Читать книгу "Гапон - Валерий Шубинский"
Шрифт:
Интервал:
Закладка:
Гапон, которого эсдеки заставляли читать серьезную политико-теоретическую литературу, в доме у Шишко начал учиться стрелять — и это увлекало его гораздо больше. Принципиально отказываясь разбираться в партийных программах, он видел человеческое различие между эсдеками и эсерами — и вторые нравились ему больше: люди дела. Как раз в то время в Женеву приехал легендарный террорист «Павел Иванович» (настоящее его имя было Борис Викторович Савинков).

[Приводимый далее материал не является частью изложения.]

Lemma Kahler_formE x y :
  (\sum_l ('i / 2) *: wedge (dw A l) (conjf (dw A l))) (bidx x y)
  = ('i / 2) * \sum_l A l x * conjc (A l y).
Proof.
rewrite sum_ffunE mulr_sumr; apply: eq_bigr => l _.
by rewrite cformZE wedge_lrshift_bidx ?dw_lshift ?conj_dw_rshift //;
  [apply: dw_support | apply: conj_dw_support].
Qed.

End Kahler.

Lemma Kahler_isPQ11 (w : cf) : Kahler w -> isPQ 1 1 w.
Proof.
case=> A [_ ->]; apply: isPQ_sum => l; apply: isPQ_scale.
exact: (isPQ_wedge (isPQ10_lshift (@dw_support A l)) (isPQ01_rshift (@conj_dw_support A l))).
Qed.

Lemma i_half_inv : (-2 * 'i) * ('i / 2) = 1 :> R[i].
Proof.
rewrite (_ : _ * _ = - ('i ^+ 2) * (2 / 2)); last by ring.
by rewrite sqrCi opprK mul1r divff // pnatr_eq0.
Qed.

(* The normalisation [a = 'i / 2 * \sum_(x, y) hcoef a x y dz_x /\ dzbar_y]. *)
Definition hcoef (a : cf) (x y : 'I_n) : R[i] := (-2 * 'i) * a (bidx x y).

Lemma hcoef_lincomb (I J : finType) (c : I -> J -> R[i]) (F : I -> J -> cf) x y :
  hcoef (\sum_i \sum_j c i j *: F i j) x y = \sum_i \sum_j c i j * hcoef (F i j) x y.
Proof.
rewrite /hcoef sum_ffunE mulr_sumr; apply: eq_bigr => i _.
by rewrite sum_ffunE mulr_sumr; apply: eq_bigr => j _; rewrite cformZE mulrCA.
Qed.

Lemma Kahler_hcoef (w : cf) : Kahler w ->
  exists2 A : 'M[R[i]]_n, A \in unitmx & forall x y, hcoef w x y = \sum_l A l x * conjc (A l y).
Proof.
case=> A [A_unit ->]; exists A => // x y.
by rewrite /hcoef Kahler_formE mulrA i_half_inv mul1r.
Qed.

Lemma Kahler_hcoef_conj (w : cf) x y : Kahler w -> hcoef w y x = conjc (hcoef w x y).
Proof.
case/Kahler_hcoef => A _ wE; rewrite !wE rmorph_sum; apply: eq_bigr => l _.
by rewrite rmorphM /= conjcK mulrC.
Qed.

Lemma Kahler_quad_gt0 (w : cf) (x : 'I_n -> R[i]) : Kahler w -> (exists a, x a != 0) ->
  0 < \sum_a \sum_b x a * conjc (x b) * hcoef w a b.
Proof.
case/Kahler_hcoef => A A_unit wE x_neq0; pose y := A *m \col_a x a.
have yE l : y l 0 = \sum_a A l a * x a by rewrite !mxE; apply: eq_bigr => a _; rewrite mxE.
have -> : \sum_a \sum_b x a * conjc (x b) * hcoef w a b = \sum_l y l 0 * conjc (y l 0).
  under [RHS]eq_bigr => l _ do rewrite yE rmorph_sum mulr_suml.
  rewrite [RHS]exchange_big; apply: eq_bigr => a _.
  under [RHS]eq_bigr => l _ do rewrite mulr_sumr.
  rewrite [RHS]exchange_big; apply: eq_bigr => b _.
  by rewrite wE mulr_sumr; apply: eq_bigr => l _; rewrite rmorphM; ring.
have [l yl] : exists l, y l 0 != 0.
  apply/existsP; apply: contraT; rewrite negb_exists => /forallP y0.
  have : \col_a x a = 0.
    rewrite -(mulKmx A_unit (\col_a x a)) -/y (_ : y = 0) ?mulmx0 //.
    by apply/matrixP => i j; rewrite [RHS]mxE (ord1 j); apply/eqP/negbNE/y0.
  move/matrixP => col0; case: x_neq0 => a.
  by have := col0 a 0; rewrite !mxE => ->; rewrite eqxx.
rewrite (bigD1 l) //= ltr_wpDr ?sumr_ge0 // => [k _|]; first exact: mulcJ_ge0.
by rewrite lt_def mulf_neq0 ?conjc_eq0 // mulcJ_ge0.
Qed.

End Bidegree11.

Section Dim2.
Variable R : realType.
Local Notation cf := (cform R 2).
Local Notation idx := 'I_(2 + 2).

Lemma setC_bidx (x y : 'I_2) : ~: bidx x y = bidx (rev_ord x) (rev_ord y).
Proof.
by apply/setP => k; case: x => [[|[|//]] ?]; case: y => [[|[|//]] ?];
  case: k => [[|[|[|[|//]]]] ?]; rewrite !inE.
Qed.

Lemma wsign_bidx_setC (x y : 'I_2) :
  wsign R (bidx x y) (~: bidx x y) = if x == y then -1 else 1.
Proof.
by rewrite setC_bidx; case: x => [[|[|//]] ?]; case: y => [[|[|//]] ?];
  rewrite /wsign card_pairs !big_ord_recl !big_ord0 !inE /= -signr_odd /= ?expr0 ?expr1.
Qed.

Lemma rev_ord2 : rev_ord (0 : 'I_2) = 1 /\ rev_ord (1 : 'I_2) = 0.
Proof. by split; apply: val_inj. Qed.

Lemma mixed_disc2_hcoef (a b : cf) : mixed_disc2 (hcoef a) (hcoef b)
  = - 4 * mixed_disc2 (fun x y => a (bidx x y)) (fun x y => b (bidx x y)).
Proof.
rewrite (_ : -4 = (-2 * 'i) ^+ 2) /mixed_disc2 /hcoef; first ring.
by rewrite exprMn sqrCi; ring.
Qed.

Lemma wedge11_top (a b : cf) : isPQ 1 1 a -> isPQ 1 1 b ->
  wedge a b [set: idx] = mixed_disc2 (hcoef a) (hcoef b) / 4.
Proof.
move=> ha hb; rewrite wedge_top sum_bidx => [|I]; last first.
  by rewrite !mulf_eq0 !negb_or => /andP[/andP[_ /(isPQ11_support ha)]].
have [rev0 rev1] := rev_ord2.
rewrite !sum_ord2 !wsign_bidx_setC !setC_bidx rev0 rev1 mixed_disc2_hcoef /mixed_disc2 /=.
by field.
Qed.

Lemma csign_setT : csign R [set: idx] = 1.
Proof.
by rewrite /csign card_pairs !big_ord_recl !big_ord0 !inE !val_conj_idx /= -signr_odd /= ?expr0.
Qed.

Lemma real_form_top (a : cf) : isPQ 2 2 a -> a [set: idx] \is Num.real -> real_form a.
Proof.
move=> a22 a_real; apply/ffunP => K; rewrite conjfE.
have [->|KT] := eqVneq K [set: idx].
  by rewrite conj_imsetT csign_setT mul1r; apply: conj_Creal.
have KT' : @conj_idx 2 @: K != [set: idx].
  by apply: contra KT => /eqP KT; rewrite -(conj_imsetK K) KT conj_imsetT.
by rewrite !(isPQnn_eq0 a22) // conjc0 mulr0.
Qed.

Lemma Kahler_wedge_top_gt0 (w : cf) : Kahler w -> 0 < wedge w w [set: idx].
Proof.
move=> w_K; have [H00_gt0 H11_gt0 Hdet_gt0] : posdef2 (hcoef w).
  by apply: posdef2_quad => [|th]; [apply: Kahler_hcoef_conj | apply: Kahler_quad_gt0].
have w11 := Kahler_isPQ11 w_K; rewrite wedge11_top // divr_gt0 ?ltr0n //.
suff -> : mixed_disc2 (hcoef w) (hcoef w)
  = 2 * (hcoef w 0 0 * hcoef w 1 1 - hcoef w 0 1 * hcoef w 1 0) by rewrite mulr_gt0 ?ltr0n.
by rewrite /mixed_disc2; ring.
Qed.

Section GriffithsDet.
Variable M : 'I_2 -> 'I_2 -> cf.
Hypothesis M11 : forall i j, isPQ 1 1 (M i j).
Hypothesis M_herm : forall i j, M i j = conjf (M j i).
Hypothesis M_pos : Griffiths_positive M.

Let N i j := hcoef (M i j).

Lemma det2_top : det2 M [set: idx] = mixed_det N / 4.
Proof. by rewrite ffunDE ffunNE !wedge11_top // /mixed_det; ring. Qed.

Lemma hcoef_herm i j a b : N i j a b = conjc (N j i b a).
Proof.
rewrite /N /hcoef {1}M_herm conjfE conj_bidx csign_bidx; move: (M j i _) => -[x y].
by apply/eqP; rewrite eq_complex /=; apply/andP; split; apply/eqP; ring.
Qed.

Lemma Griffiths_hmx_gt0 th x : (exists i, th i != 0) -> (exists a, x a != 0) ->
  0 < \sum_i \sum_j th i * conjc (th j) * hmx N x i j.
Proof.
move=> th_neq0 x_neq0; have := Kahler_quad_gt0 (M_pos th_neq0) x_neq0.
suff -> : \sum_a \sum_b x a * conjc (x b) *
  hcoef (\sum_i \sum_j (th i * conjc (th j)) *: M i j) a b
  = \sum_i \sum_j th i * conjc (th j) * hmx N x i j by [].
under eq_bigr => a _ do under eq_bigr => b _ do rewrite hcoef_lincomb.
by rewrite /N /hmx !sum_ord2; ring.
Qed.

Lemma det2_top_gt0 : 0 < det2 M [set: idx].
Proof.
by rewrite det2_top divr_gt0 ?ltr0n // mixed_det_gt0 //; [apply: hcoef_herm | apply: Griffiths_hmx_gt0].
Qed.

End GriffithsDet.

End Dim2.

Lemma convex_comb_gt0 (K : numDomainType) (a b s : K) :
  0 < a -> 0 < b -> 0 <= s <= 1 -> 0 < (1 - s) * a + s * b.
Proof.
move=> a_gt0 b_gt0 /andP[s_ge0 s_le1].
have [->|s_neq0] := eqVneq s 0; first by rewrite subr0 mul1r mul0r addr0.
by rewrite ltr_wpDl ?mulr_ge0 ?subr_ge0 ?(ltW a_gt0) // mulr_gt0 // lt_def s_neq0.
Qed.

Lemma segment_continuous (R : realType) (z d : R[i]) (f : R -> R[i]) :
  (forall t, f t = z + t%:C%C * d) ->
  continuous (fun t => complex.Re (f t)) /\ continuous (fun t => complex.Im (f t)).
Proof.
case: z d => [a b] [c e] fE; split.
  rewrite (_ : (fun t => _) = fun t => a + c * t); last by apply: funext => t; rewrite fE /=; ring.
  by move=> t; apply: continuousD; [exact: cst_continuous | exact: mulrl_continuous].
rewrite (_ : (fun t => _) = fun t => b + e * t); last by apply: funext => t; rewrite fE /=; ring.
by move=> t; apply: continuousD; [exact: cst_continuous | exact: mulrl_continuous].
Qed.

Section TopDegree.
Variable R : realType.
Local Notation cf := (cform R 2).
Local Notation idx := 'I_(2 + 2).

Lemma wpow2 (w : cf) : wpow w 2 = wedge w w.
Proof. by rewrite /wpow /= wedge1r. Qed.

Lemma Hodge_Riemann_top (w Om : cf) : isPQ 2 2 Om -> isPQ 2 2 (wpow w 2) ->
  0 < Om [set: idx] -> 0 < wpow w 2 [set: idx] -> Hodge_Riemann 2 w Om.
Proof.
move=> Om22 w22 Om_gt0 w_gt0.
pose P t : cf := Om + t%:C%C *: (wpow w 2 - Om).
have P22 t : isPQ 2 2 (P t) by apply/isPQ_add/isPQ_scale/isPQ_sub.
have PE t K : P t K = Om K + t%:C%C * (wpow w 2 K - Om K).
  by rewrite ffunDE cformZE ffunDE ffunNE.
have P_gt0 t : 0 <= t <= 1 -> 0 < P t [set: idx].
  move=> t01; rewrite PE (_ : _ + _ = (1 - t%:C%C) * Om [set: idx] + t%:C%C * wpow w 2 [set: idx]).
    by apply: convex_comb_gt0; rewrite // -(rmorph0 (real_complex R)) -(rmorph1 (real_complex R)) !lecR.
  by ring.
split => //; first exact: real_form_top (gtr0_real Om_gt0).
move=> p q; rewrite subnn => /eqP; rewrite addn_eq0 => /andP[/eqP-> /eqP->].
exists P; split.
- by rewrite /P (rmorph0 (real_complex R)) scale0r addr0.
- by rewrite /P (rmorph1 (real_complex R)) scale1r addrC subrK.
- move=> K; have [cRe cIm] := segment_continuous (PE ^~ K).
  by split; apply: continuous_subspaceT.
- by move=> t t01; split; last exact: real_form_top (gtr0_real (P_gt0 t t01)).
- move=> t t01 r; rewrite leqn0 => /eqP->; rewrite muln0 /wpow /= wedge1r.
  exact: Lefschetz_top (P22 t) (lt0r_neq0 (P_gt0 t t01)).
Qed.

End TopDegree.

Theorem mainTheorem6 (R : realType) (M : 'I_2 -> 'I_2 -> cform R 2) :
  (forall i j, isPQ 1 1 (M i j)) ->
  (forall i j, M i j = conjf (M j i)) ->
  Griffiths_positive M ->
  forall w : cform R 2, Kahler w -> Hodge_Riemann 2 w (det2 M).
Proof.
move=> M11 M_herm M_pos w w_K; have w11 := Kahler_isPQ11 w_K.
apply: Hodge_Riemann_top; rewrite ?wpow2.
- exact: isPQ_sub (isPQ_wedge (M11 0 0) (M11 1 1)) (isPQ_wedge (M11 0 1) (M11 1 0)).
- exact: (isPQ_wedge w11 w11).
- exact: det2_top_gt0.
- exact: Kahler_wedge_top_gt0.
Qed.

Гапон с восторгом познакомился с ним и, по свидетельству Савинкова, был единственным, кто поздравил его «с великим князем Сергеем». Савинков был одним из технических организаторов убийства московского губернатора, самого непопулярного из Романовых, которое произошло 4(17) февраля (непосредственным исполнителем был Иван Каляев, арестованный на месте и казненный). Савинкову Гапон понравился. «Он казался мне, по впечатлению 9 января, человеком необычайных дарований и воли, тем человеком, который, быть может, единственно способен овладеть сердцами рабочих… Более близкое знакомство подтверждало предвзятое мнение об его дарованиях. У него был живой, быстрый, находчивый ум; прокламации, написанные им, при некоторой их грубости, показывали самобытность и силу стиля; наконец, и это самое главное, у него было большое, природное, бьющее в глаза ораторское дарование».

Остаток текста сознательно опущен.